» EXERCISE REQUIREMENTS:
Restate the data that follows exactly as it stands, beginning with the first line and ending with the line that contains "forall o (a b".

Stored data
Record algebra (sg : signature) := Algebra {
  carrier :> Type;
  interp : forall o : sop sg, ('I_(sarity o) -> carrier) -> carrier }.
Arguments interp {sg} a o args : rename.

Fixpoint eval (sg : signature) (A : algebra sg) (X : Type) (e : X -> A)
  (t : term sg X) : A :=
  match t with
  | Var x => e x
  | App o ts => interp A o (fun i => eval e (ts i))
  end.

Fixpoint subst (sg : signature) (X Y : Type) (h : X -> term sg Y)
  (t : term sg X) : term sg Y :=
  match t with
  | Var x => h x
  | App o ts => App o (fun i => subst h (ts i))
  end.

Definition env3 (T : Type) (a b c : T) : 'I_3 -> T :=
  fun i => if val i == 0 then a else if val i == 1 then b else c.

Definition app3 (sg : signature) (A : algebra sg) (t : term sg 'I_3)
  (a b c : A) : A := eval (env3 a b c) t.

(** * Varieties: given by a set of identities (Birkhoff) *)

Definition identities (sg : signature) := term sg nat -> term sg nat -> Prop.

Definition in_variety (sg : signature) (Sigma : identities sg) (A : algebra sg) :=
  forall s t, Sigma s t -> forall e : nat -> A, eval e s = eval e t.

Definition hom (sg : signature) (B A : algebra sg) (phi : B -> A) :=
  forall o (args : 'I_(sarity o) -> B),
    phi (interp B o args) = interp A o (fun i => phi (args i)).

Definition rel_ (T : Type) := T -> T -> Prop.

Definition rsub (T : Type) (R S : rel_ T) := forall a b, R a b -> S a b.
Definition rcomp (T : Type) (R S : rel_ T) : rel_ T :=
  fun a c => exists b, R a b /\ S b c.
Definition rconv (T : Type) (R : rel_ T) : rel_ T := fun a b => R b a.

Definition compatible (sg : signature) (A : algebra sg) (R : rel_ A) :=
  forall o (a b : 'I_(sarity o) -> A),
    (forall i, R (a i) (b i)) -> R (interp A o a) (interp A o b).

Definition adm (sg : signature) (A : algebra sg) (R : rel_ A) :=
  (forall a, R a a) /\ compatible R.

Definition gen_adm (sg : signature) (A : algebra sg) (P : rel_ A) : rel_ A :=
  fun a b => forall R : rel_ A, adm R -> rsub P R -> R a b.

Definition rimage (S T : Type) (phi : S -> T) (R : rel_ S) : rel_ T :=
  fun a b => exists x y, R x y /\ a = phi x /\ b = phi y.

Definition global_op (sg : signature) := forall A : algebra sg, rel_ A -> rel_ A.

Definition is_global_op (sg : signature) (Sigma : identities sg) (F : global_op sg) :=
  forall A : algebra sg, in_variety Sigma A ->
    forall R : rel_ A, adm R -> adm (F A R).

Definition monotone_op (sg : signature) (Sigma : identities sg) (F : global_op sg) :=
  forall A : algebra sg, in_variety Sigma A ->
    forall R S : rel_ A, adm R -> adm S -> rsub R S -> rsub (F A R) (F A S).

Definition hom_property (sg : signature) (Sigma : identities sg) (F : global_op sg) :=
  forall (A B : algebra sg), in_variety Sigma A -> in_variety Sigma B ->
    forall phi : B -> A, hom phi ->
    forall R : rel_ B, adm R ->
      rsub (gen_adm (rimage phi (F B R))) (F A (gen_adm (rimage phi R))).

Definition malcev_mod (sg : signature) (A : algebra sg) (F G : rel_ A -> rel_ A)
  (t : term sg 'I_3) :=
  forall (a b : A) (R : rel_ A), adm R -> R a b ->
    F R a (app3 t a b b) /\ G R (app3 t a a b) b.

Inductive deriv (sg : signature) (Sigma : identities sg) (X : Type) :
    term sg X -> term sg X -> Prop :=
| d_refl t : deriv Sigma t t
| d_sym s t : deriv Sigma s t -> deriv Sigma t s
| d_trans s t u : deriv Sigma s t -> deriv Sigma t u -> deriv Sigma s u
| d_cong o (ss ts : 'I_(sarity o) -> term sg X) :
    (forall i, deriv Sigma (ss i) (ts i)) -> deriv Sigma (App o ss) (App o ts)
| d_ax s t (h : nat -> term sg X) :
    Sigma s t -> deriv Sigma (subst h s) (subst h t).

Section Free.
Variables (sg : signature) (Sigma : identities sg) (X : Type).

(** equivalence classes of terms *)
Definition fcarrier : Type :=
  {P : term sg X -> Prop | exists t, P = deriv Sigma t}.

Definition fclass (t : term sg X) : fcarrier :=
  exist _ (deriv Sigma t) (ex_intro _ t erefl).

Definition frep (p : fcarrier) : term sg X :=
  proj1_sig (constructive_indefinite_description _ (proj2_sig p)).

Definition free_alg : algebra sg :=
  @Algebra sg fcarrier (fun o args => fclass (App o (fun i => frep (args i)))).

Definition free_gen (x : X) : free_alg := fclass (Var x).

End Free.

Definition Free (sg : signature) (Sigma : identities sg) (n : nat) : algebra sg :=
  @free_alg sg Sigma 'I_n.
Definition gen (sg : signature) (Sigma : identities sg) (n : nat) (i : 'I_n) :
  Free Sigma n := @free_gen sg Sigma 'I_n i.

» OUTPUT FOR THIS TASK:
Record algebra (sg : signature) := Algebra {
  carrier :> Type;
  interp : forall o : sop sg, ('I_(sarity o) -> carrier) -> carrier }.
Arguments interp {sg} a o args : rename.

Fixpoint eval (sg : signature) (A : algebra sg) (X : Type) (e : X -> A)
  (t : term sg X) : A :=
  match t with
  | Var x => e x
  | App o ts => interp A o (fun i => eval e (ts i))
  end.

Fixpoint subst (sg : signature) (X Y : Type) (h : X -> term sg Y)
  (t : term sg X) : term sg Y :=
  match t with
  | Var x => h x
  | App o ts => App o (fun i => subst h (ts i))
  end.

Definition env3 (T : Type) (a b c : T) : 'I_3 -> T :=
  fun i => if val i == 0 then a else if val i == 1 then b else c.

Definition app3 (sg : signature) (A : algebra sg) (t : term sg 'I_3)
  (a b c : A) : A := eval (env3 a b c) t.

(** * Varieties: given by a set of identities (Birkhoff) *)

Definition identities (sg : signature) := term sg nat -> term sg nat -> Prop.

Definition in_variety (sg : signature) (Sigma : identities sg) (A : algebra sg) :=
  forall s t, Sigma s t -> forall e : nat -> A, eval e s = eval e t.

Definition hom (sg : signature) (B A : algebra sg) (phi : B -> A) :=
  forall o (args : 'I_(sarity o) -> B),
    phi (interp B o args) = interp A o (fun i => phi (args i)).

Definition rel_ (T : Type) := T -> T -> Prop.

Definition rsub (T : Type) (R S : rel_ T) := forall a b, R a b -> S a b.
Definition rcomp (T : Type) (R S : rel_ T) : rel_ T :=
  fun a c => exists b, R a b /\ S b c.
Definition rconv (T : Type) (R : rel_ T) : rel_ T := fun a b => R b a.

Definition compatible (sg : signature) (A : algebra sg) (R : rel_ A) :=
  forall o (a b : 'I_(sarity o) -> A),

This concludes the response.